To analyze and quantify monosaccharide release in culture supernatants, we used high-performance anion exchange chromatography with pulsed amperometric detection (HPAEC-PAD). Sugars were separated using a CarboPac PA-1 anion exchange column with a PA-1 guard using a Dionex ICS-6000 (Thermo Fisher) and detected using PAD. Flow was 0.75 mL min−1 and elution conditions were 0–25 min 5 mM NaOH and then 25–40 min 5–100 mM NaOH. Software used was the Chromeleon Chromatography Data System. Monosaccharide/disaccharide standards were included at the following concentrations: Maltose = 0.1 mg/ml, Glucose = 0.1 mM, Fucose = 0.1, 0.075, 0.05, 0.025, and 0.01 mM, N-acetylglucosamine = 0.2 mM, Galactose = 0.2 mM, N-acetylgalactosamin = 0.1 mM, and Lactose 0.2 mM. All data were obtained by diluting supernatant samples 1/10 prior to injection.

Statistics, reproducibility, and data visualization

Statistical analysis (Student’s T-test, ANOVA, repeated measures ANOVA, Wilcoxon Test, Chi-square test) was performed in “R version 4.0” and the R package “rstatix version 0.7.0”99. All p-values were adjusted using Bonferroni’s method.
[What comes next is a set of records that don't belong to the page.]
Lemma cnull_of_small_traces X :
  (forall P, cperfect P -> exists Q, [/\ cperfect Q, Q `<=` P & small (X `&` Q)]) ->
  cnull X.
Proof.
move=> Xsmall P Pp; have [Q0 [Q0p Q0P sXQ0]] := Xsmall P Pp.
have [Q [Qp QQ0 QX]] := cperfect_avoid_small Q0p sXQ0.
exists Q; split => //; first exact: subset_trans QQ0 Q0P.
by apply/seteqP; split => // q [Qq Xq]; apply: (QX q) => //; split => //; exact: QQ0.
Qed.

Lemma preimage_not_small {f X Z} : ccontinuous f -> injective f -> range f `<=` Z ->
  (forall Q, cperfect Q -> Q `<=` Z -> ~ small (X `&` Q)) ->
  forall P, cperfect P -> ~ small (f @^-1` X `&` P).
Proof.
move=> fc finj fZ Zbig P Pp sXP; apply: (Zbig (f @` P)); first exact: cperfect_image.
  by move=> _ [z _ <-]; apply: fZ; exists z.
apply: sub_small (small_image f sXP) => x [Xx [z Pz zx]].
by exists z; rewrite // /preimage /= zx.
Qed.

Local Open Scope card_scope.

Theorem lemma2p3 (X : set cantor_space) :
  X #= [set: cantor_space] ->
  exists X' : set cantor_space,
    [/\ X' `<=` X, X' #= [set: cantor_space] & marczewski_null X'].
Proof.
move=> Xc.
have [[Z [Zp Zbig]]|Xsmall] := pselect (exists Z, cperfect Z /\
  forall Q, cperfect Q -> Q `<=` Z -> ~ small (X `&` Q)); last first.
  exists X; split => //; apply/marczewski_nullE/cnull_of_small_traces => P Pp.
  apply: contrapT => nQ; apply: Xsmall; exists P; split => // Q Qp QP sXQ.
  by apply: nQ; exists Q.
have [f [fc finj fZ]] := cperfect_embedding Zp.
have [g [ginj gX gnull]] := cnull_range_injection (preimage_not_small fc finj fZ Zbig).
exists (range (f \o g)); split.
- by move=> _ [c _ <-]; apply: gX; exists c.
- exact: inj_card_eq (in2W (inj_comp finj ginj)).
- by apply/marczewski_nullE; rewrite -(image_comp g f); exact: cnull_image.
Qed.
(* Let $t_f$ be the final time of an extremal of the planar minimum-fuel problem with final constraints on energy and angular momentum modulus. Use the angles of the context and suppose that at $t_f$: (i) $\vec r=r(\cos\varphi,\sin\varphi)$, $\vec v=v(-\sin(\varphi-\gamma),\cos(\varphi-\gamma))$ with $v\neq0$ and $\cos\gamma\neq0$; (ii) for some nonzero constant $c$, $\vec p_r=c\,\omega(-\cos(\theta-\varphi),\sin(\theta-\varphi))$ and $\vec p_v=c(\sin(\theta-\varphi),\cos(\theta-\varphi))$; (iii) $\omega\, r\, v\sin(\theta-\gamma)=v_c^2\sin\theta$ with $v_c=\sqrt{\mu/r}$; (iv) the final transversality relation $(\vec p_r^{\,t}\vec r+\vec p_v^{\,t}\vec v)(\vec r^{\,t}\vec v)=(\vec p_v^{\,t}\vec r)(v^2+v_c^2)$ holds. Then $(v_c^2+\omega^2r^2)\sin\theta(t_f)=0$, hence $\sin\theta(t_f)=0$. If moreover the closed-loop relation $\sin(\gamma-\theta)=\frac{v_c}{v}\frac{\sin\theta}{\sqrt{1-3\sin^2\theta}}$ holds at $t_f$ and $\theta,\gamma\in(-\pi/2,\pi/2)$, then $\theta(t_f)=\gamma(t_f)=0$: the final point is an apside (perigee or apogee) of the targeted elliptical orbit.
   Context: Planar motion in an Earth-centered inertial frame $(O,x,y)$. $\varphi$ is the longitude of the position measured from the $x$ axis; $\theta$ is the pitch angle (thrust direction $\vec u$) and $\gamma$ the flight path angle (velocity direction), both measured positively from the local horizontal; $\omega$ is the angular rate of $\vec u$ in the inertial frame. $\vec p_r,\vec p_v$ are the costates of position and velocity; the form (ii) and relations (iii) and the closed-loop relation for $\theta$ are properties of optimal extremals established in prior work (with $\omega=\sqrt{\mu/r^3}\,(1-3\sin^2\theta)$ and $\dot\omega=-\frac{3\mu}{r^3}\sin\theta\cos\theta$) and are taken here as hypotheses. $\mu>0$ is the gravitational constant. *)

From Stdlib Require Import Reals Lra.
Open Scope R_scope.

Definition vec2 := (R * R)%type.
Definition dot (u w : vec2) : R := fst u * fst w + snd u * snd w.

(* In the local frame of the final point every inner product in the
   transversality relation is a single trigonometric term, and the relation
   reduces to [v cos(gamma) (v sin(theta - gamma) + omega r sin(theta)) = 0]
   once (iii) is used.  Multiplying by [omega r] and using (iii) once more
   gives [(v_c^2 + omega^2 r^2) sin(theta) = 0]; the first factor is positive.
   With [sin theta = 0] the closed-loop relation forces [sin(gamma - theta) = 0],
   and both angles vanish on [(-pi/2, pi/2)]. *)

From Stdlib Require Import Reals Lra.
Open Scope R_scope.

Lemma dot_position_velocity r v phi gamma :
  dot (r * cos phi, r * sin phi) (v * - sin (phi - gamma), v * cos (phi - gamma))
  = r * v * sin gamma.
Proof.
  unfold dot; simpl.
  replace (sin gamma) with (sin (phi - (phi - gamma))) by (f_equal; ring).
  rewrite (sin_minus phi (phi - gamma)); ring.
Qed.

Lemma dot_costate_position a r theta phi :
  dot (a * - cos (theta - phi), a * sin (theta - phi)) (r * cos phi, r * sin phi)
  = - (a * r) * cos theta.
Proof.
  unfold dot; simpl.
  replace (cos theta) with (cos (theta - phi + phi)) by (f_equal; ring).
  rewrite cos_plus; ring.
Qed.

Lemma dot_costate_velocity c v theta phi gamma :
  dot (c * sin (theta - phi), c * cos (theta - phi))
      (v * - sin (phi - gamma), v * cos (phi - gamma))
  = c * v * cos (theta - gamma).
Proof.
  unfold dot; simpl.
  replace (theta - gamma) with (theta - phi + (phi - gamma)) by ring.
  rewrite cos_plus; ring.
Qed.

Lemma dot_costate_velocity_position c r theta phi :
  dot (c * sin (theta - phi), c * cos (theta - phi)) (r * cos phi, r * sin phi)
  = c * r * sin theta.
Proof.
  unfold dot; simpl.
  replace (sin theta) with (sin (theta - phi + phi)) by (f_equal; ring).
  rewrite sin_plus; ring.
Qed.

Lemma transversality_local_frame (r v phi gamma theta omega c K : R)
  (rv vv pr pv : vec2) :
  r <> 0 -> c <> 0 ->
  rv = (r * cos phi, r * sin phi) ->
  vv = (v * - sin (phi - gamma), v * cos (phi - gamma)) ->
  pr = (c * omega * - cos (theta - phi), c * omega * sin (theta - phi)) ->
  pv = (c * sin (theta - phi), c * cos (theta - phi)) ->
  (dot pr rv + dot pv vv) * dot rv vv = dot pv rv * (v ^ 2 + K) ->
  (v * cos (theta - gamma) - omega * r * cos theta) * (v * sin gamma)
  = sin theta * (v ^ 2 + K).
Proof.
  intros Hr Hc -> -> -> -> H.
  rewrite dot_costate_position, dot_costate_velocity, dot_position_velocity,
    dot_costate_velocity_position in H.
  apply (Rmult_eq_reg_l (c * r)); [| now apply Rmult_integral_contrapositive].
  transitivity ((- (c * omega * r) * cos theta + c * v * cos (theta - gamma))
                 * (r * v * sin gamma)); [ring |].
  rewrite H; ring.
Qed.

Lemma transversality_flight_path_relation (v w K theta gamma : R) :
  v <> 0 -> cos gamma <> 0 ->
  w * v * sin (theta - gamma) = K * sin theta ->
  (v * cos (theta - gamma) - w * cos theta) * (v * sin gamma)
  = sin theta * (v ^ 2 + K) ->
  v * sin (theta - gamma) + w * sin theta = 0.
Proof.
  intros Hv Hcg H3 HT.
  set (s := sin (theta - gamma)) in *.
  set (k := cos (theta - gamma)) in *.
  assert (Hsin : sin theta = s * cos gamma + k * sin gamma).
  { unfold s, k; rewrite <- sin_plus; f_equal; ring. }
  assert (Hcos : cos theta = k * cos gamma - s * sin gamma).
  { unfold s, k; rewrite <- cos_plus; f_equal; ring. }
  assert (Hpyth : sin gamma ^ 2 + cos gamma ^ 2 = 1).
  { pose proof (sin2_cos2 gamma); unfold Rsqr in *; lra. }
  (* (iii) and the Pythagorean identity turn the transversality defect into
     [- v cos(gamma)] times the claimed quantity. *)
  assert (Hfactor : v * cos gamma * (v * s + w * sin theta) = 0).
  { rewrite Hcos, Hsin in HT; rewrite Hsin in H3 |- *.
    transitivity
      (- ((v * k - w * (k * cos gamma - s * sin gamma)) * (v * sin gamma)
          - (s * cos gamma + k * sin gamma) * (v ^ 2 + K))
       + (w * v * s - K * (s * cos gamma + k * sin gamma))
       + w * v * s * (sin gamma ^ 2 + cos gamma ^ 2 - 1)).
    - ring.
    - rewrite HT, H3, Hpyth; ring. }
  apply Rmult_integral in Hfactor as [H0 | H0]; [| exact H0].
  apply Rmult_integral in H0 as [H0 | H0]; contradiction.
Qed.

Lemma thrust_angle_factor (v w K theta gamma : R) :
  v * sin (theta - gamma) + w * sin theta = 0 ->
  w * v * sin (theta - gamma) = K * sin theta ->
  (K + w ^ 2) * sin theta = 0.
Proof.
  intros Hkey H3.
  transitivity (w * (v * sin (theta - gamma) + w * sin theta)
                - (w * v * sin (theta - gamma) - K * sin theta)); [ring |].
  rewrite Hkey, H3; ring.
Qed.

Lemma sin_eq0_centered x : - PI / 2 < x < PI / 2 -> sin x = 0 -> x = 0.
Proof.
  intros Hx Hs; apply sin_inj; try lra.
  now rewrite sin_0.
Qed.

Lemma apside_of_closed_loop (vc v theta gamma : R) :
  sin theta = 0 ->
  sin (gamma - theta) = vc / v * (sin theta / sqrt (1 - 3 * sin theta ^ 2)) ->
  - PI / 2 < theta < PI / 2 -> - PI / 2 < gamma < PI / 2 ->
  theta = 0 /\ gamma = 0.
Proof.
  intros Hs Hloop Ht Hg.
  assert (Htheta : theta = 0) by now apply sin_eq0_centered.
  split; [exact Htheta |].
  apply sin_eq0_centered; [exact Hg |].
  rewrite Hs, Htheta, Rminus_0_r in Hloop.
  rewrite Hloop; unfold Rdiv; ring.
Qed.

Theorem mainTheorem5
  (mu r v phi gamma theta omega c : R)
  (rv vv pr pv : vec2)
  (Hmu : 0 < mu) (Hr : 0 < r)
  (Homega : omega = sqrt (mu / r ^ 3) * (1 - 3 * sin theta ^ 2))
  (Hrv : rv = (r * cos phi, r * sin phi))
  (Hvv : vv = (v * - sin (phi - gamma), v * cos (phi - gamma)))
  (Hv : v <> 0) (Hcg : cos gamma <> 0)
  (Hc : c <> 0)
  (Hpr : pr = (c * omega * - cos (theta - phi), c * omega * sin (theta - phi)))
  (Hpv : pv = (c * sin (theta - phi), c * cos (theta - phi)))
  (H3 : omega * r * v * sin (theta - gamma) = (sqrt (mu / r)) ^ 2 * sin theta)
  (H4 : (dot pr rv + dot pv vv) * dot rv vv
        = dot pv rv * (v ^ 2 + (sqrt (mu / r)) ^ 2)) :
  ((sqrt (mu / r)) ^ 2 + omega ^ 2 * r ^ 2) * sin theta = 0 /\
  sin theta = 0 /\
  ((sin (gamma - theta)
      = sqrt (mu / r) / v * (sin theta / sqrt (1 - 3 * sin theta ^ 2)) ->
    - PI / 2 < theta < PI / 2 ->
    - PI / 2 < gamma < PI / 2 ->
    theta = 0 /\ gamma = 0)).
Proof.
  set (K := sqrt (mu / r) ^ 2) in *.
  assert (HK : 0 < K).
  { assert (Hmur : 0 < mu / r) by (apply Rdiv_lt_0_compat; lra).
    unfold K; rewrite pow2_sqrt; lra. }
  assert (Hlocal := transversality_local_frame r v phi gamma theta omega c K
                      rv vv pr pv ltac:(lra) Hc Hrv Hvv Hpr Hpv H4).
  assert (Hkey := transversality_flight_path_relation v (omega * r) K theta gamma
                    Hv Hcg H3 Hlocal).
  assert (Hfactor : (K + omega ^ 2 * r ^ 2) * sin theta = 0).
  { rewrite <- Rpow_mult_distr; exact (thrust_angle_factor _ _ _ _ _ Hkey H3). }
  assert (Hsin : sin theta = 0).
  { apply Rmult_integral in Hfactor as [H0 | H0]; [| exact H0].
    nra. }
  split; [exact Hfactor | split; [exact Hsin |]].
  now apply apside_of_closed_loop.
Qed.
Data was visualized via “R version 4.0” and R package “ggplot2 version 3.3.340”100. “Ampvis2”101 and “phyloseq”102 were used for handling of metagenomic counts, metadata, and taxonomy files, including species filtering, analysis of alpha and beta diversity, as well as PCA. “co_occurrence()” in phylosmith103 was used for co-occurrence analysis of microbial species. For randomization of matrices, we used the “randomizeMatrix()” function in “Picante”104 with “null.model = “frequency” over 10,000 iterations. Kolmogorow–Smirnov-Test – “ks.test()” in base R – was used to test for whether differences in randomized and observed matrices were statistically different. “c.score()” function in “bipartite”105 was used for calculation of checkerboard indices. For MAJIC, randomized and observed matrices were transformed into presence/absence matrices using “phyloseq_standardize_otu_abundance()” with “method = pa” in “metagMisc”106, and average Jaccard dissimilarities as well as cross-sample Shannon diversity (CSI) index per species were calculated using the functions “vegdist()” and “diversity()” in “vegan”107, respectively. MAJIC was coded “R version 4.0”, looping through focal species σi to obtain σi+ (µi+), and in σi- (µi-) - as described in Fig. S2A.